Giorgio Agamben on Democracy



“Is it meaningful to call oneself a democrat? And if so, how do you interpret the word?”

In the recently published Democracy in What State? , a group of iconic and iconoclastic thinkers responded to the above question. This timely critique of democracy and the current state of world politics includes contributions from Giorgio Agamben, Alain Badiou, Daniel Daniel Bensaid, Wendy Brown, Jean-Luc Nancy, Jacques Rancière, Kristin Ross, and Slavoj Zizek.
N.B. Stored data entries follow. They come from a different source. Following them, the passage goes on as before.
(* Let $\mathcal{X}=\{x_k\}_{k=1}^m$ be a frame for a real or complex $n$-dimensional Hilbert space $\mathbb{H}^n$. Then the following are equivalent: (1) $\mathcal{X}$ is injective; (2) for every orthonormal basis $\mathcal{E}=\{e_j\}_{j=1}^n$ of $\mathbb{H}^n$, \[ \mathrm{span}\{(|\langle x_k,e_1\rangle|^2,|\langle x_k,e_2\rangle|^2,\dots,|\langle x_k,e_n\rangle|^2):k=1,\dots,m\}=\mathbb{R}^n.\]
   Context: A family $\{x_k\}$ of vectors in a Hilbert space is called injective if whenever a self-adjoint operator $T$ satisfies $\langle Tx_k,x_k\rangle=0$ for all $k$, then $T=0$. *)

From HB Require Import structures.
From mathcomp Require Import all_boot all_order all_algebra.
From mathcomp Require Import complex.
Set Implicit Arguments. Unset Strict Implicit. Unset Printing Implicit Defensive.
Import Order.TTheory GRing.Theory Num.Theory.
Local Open Scope ring_scope.

Section Complex.
Variable R : rcfType.
Local Notation C := R[i].

Definition cdot n (u v : 'cV[C]_n) : C := \sum_(i < n) u i 0 * (v i 0)^*.

Definition cframe n m (x : 'I_m -> 'cV[C]_n) : Prop :=
  exists A B : C, [/\ 0 < A, 0 < B &
    forall f : 'cV[C]_n,
      A * cdot f f <= \sum_(k < m) `|cdot f (x k)| ^+ 2 <= B * cdot f f].

Definition cselfadj n (T : 'M[C]_n) : Prop := T = map_mx Num.conj (T^T).

Definition cinjective n m (x : 'I_m -> 'cV[C]_n) : Prop :=
  forall T : 'M[C]_n, cselfadj T ->
    (forall k, cdot (T *m x k) (x k) = 0) -> T = 0.

Definition cONB n (e : 'I_n -> 'cV[C]_n) : Prop :=
  (forall i j, cdot (e i) (e j) = (i == j)%:R) /\
  row_full (\matrix_(i < n) (e i)^T).

Definition cabsmx n m (x : 'I_m -> 'cV[C]_n) (e : 'I_n -> 'cV[C]_n)
  : 'M[R]_(m, n) := \matrix_(k < m, j < n) complex.Re (`|cdot (x k) (e j)| ^+ 2).
End Complex.

Section Real.
Variable R : rcfType.

Definition rdot n (u v : 'cV[R]_n) : R := \sum_(i < n) u i 0 * v i 0.

Definition rframe n m (x : 'I_m -> 'cV[R]_n) : Prop :=
  exists A B : R, [/\ 0 < A, 0 < B &
    forall f : 'cV[R]_n,
      A * rdot f f <= \sum_(k < m) `|rdot f (x k)| ^+ 2 <= B * rdot f f].

Definition rselfadj n (T : 'M[R]_n) : Prop := T = T^T.

Definition rinjective n m (x : 'I_m -> 'cV[R]_n) : Prop :=
  forall T : 'M[R]_n, rselfadj T ->
    (forall k, rdot (T *m x k) (x k) = 0) -> T = 0.

Definition rONB n (e : 'I_n -> 'cV[R]_n) : Prop :=
  (forall i j, rdot (e i) (e j) = (i == j)%:R) /\
  row_full (\matrix_(i < n) (e i)^T).

Definition rabsmx n m (x : 'I_m -> 'cV[R]_n) (e : 'I_n -> 'cV[R]_n)
  : 'M[R]_(m, n) := \matrix_(k < m, j < n) `|rdot (x k) (e j)| ^+ 2.
End Real.

From HB Require Import structures.
From mathcomp Require Import all_boot all_order all_algebra.
From mathcomp Require Import complex.
Import Order.TTheory GRing.Theory Num.Theory.
Local Open Scope ring_scope.
Local Open Scope sesquilinear_scope.

Set Implicit Arguments. Unset Strict Implicit. Unset Printing Implicit Defensive.

(** For an orthonormal basis [e] with coordinate matrix [E] and a real vector
    [a], the operator [T = E^* diag(a) E] is self-adjoint and
    [<T x_k, x_k> = sum_j a_j |<x_k, e_j>|^2], the [k]-th entry of [M a] where
    [M] is the matrix of squared moduli of the statement. A nonzero [a] with
    [M a = 0] therefore gives a nonzero self-adjoint [T] killing every
    [<T x_k, x_k>]; conversely, by the spectral theorem every self-adjoint [T]
    is of this form for some orthonormal basis, with [a = 0] iff [T = 0]. *)

Lemma diag_mx_eq0 (K : pzRingType) n (d : 'rV[K]_n) : (diag_mx d == 0) = (d == 0).
Proof.
apply/eqP/eqP => [/matrixP d0 | ->]; last by apply/matrixP => i j; rewrite !mxE mul0rn.
by apply/rowP => j; have := d0 j j; rewrite !mxE eqxx mulr1n.
Qed.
Over the next few days, we will post excerpts from some of the respondents. First up is an excerpt from Giorgio Agamben’s essay “Introductory Note on the Concept of Democracy”:

Today we behold the overwhelming preponderance of the government and the economy over anything you could call popular sovereignty—an expression by now drained of all meaning. Western democracies are perhaps paying the price for a philosophical heritage they haven’t bothered to take a close look at in a long time. To think of government as simple executive power is a mistake and one of the most consequential errors ever made in the history of Western politics. It explains why modern political thought wanders off into empty abstractions like law, the general will, and popular sovereignty while entirely failing to address the central question of government and its articulation as Rousseau would say, to the sovereign of locus of sovereignty. In a recent book I tried to show that the central mystery of politics is not sovereignty but government; not God but his angels; not the king but his minister; not the law but the police—or rather the governmental machine they form and propel.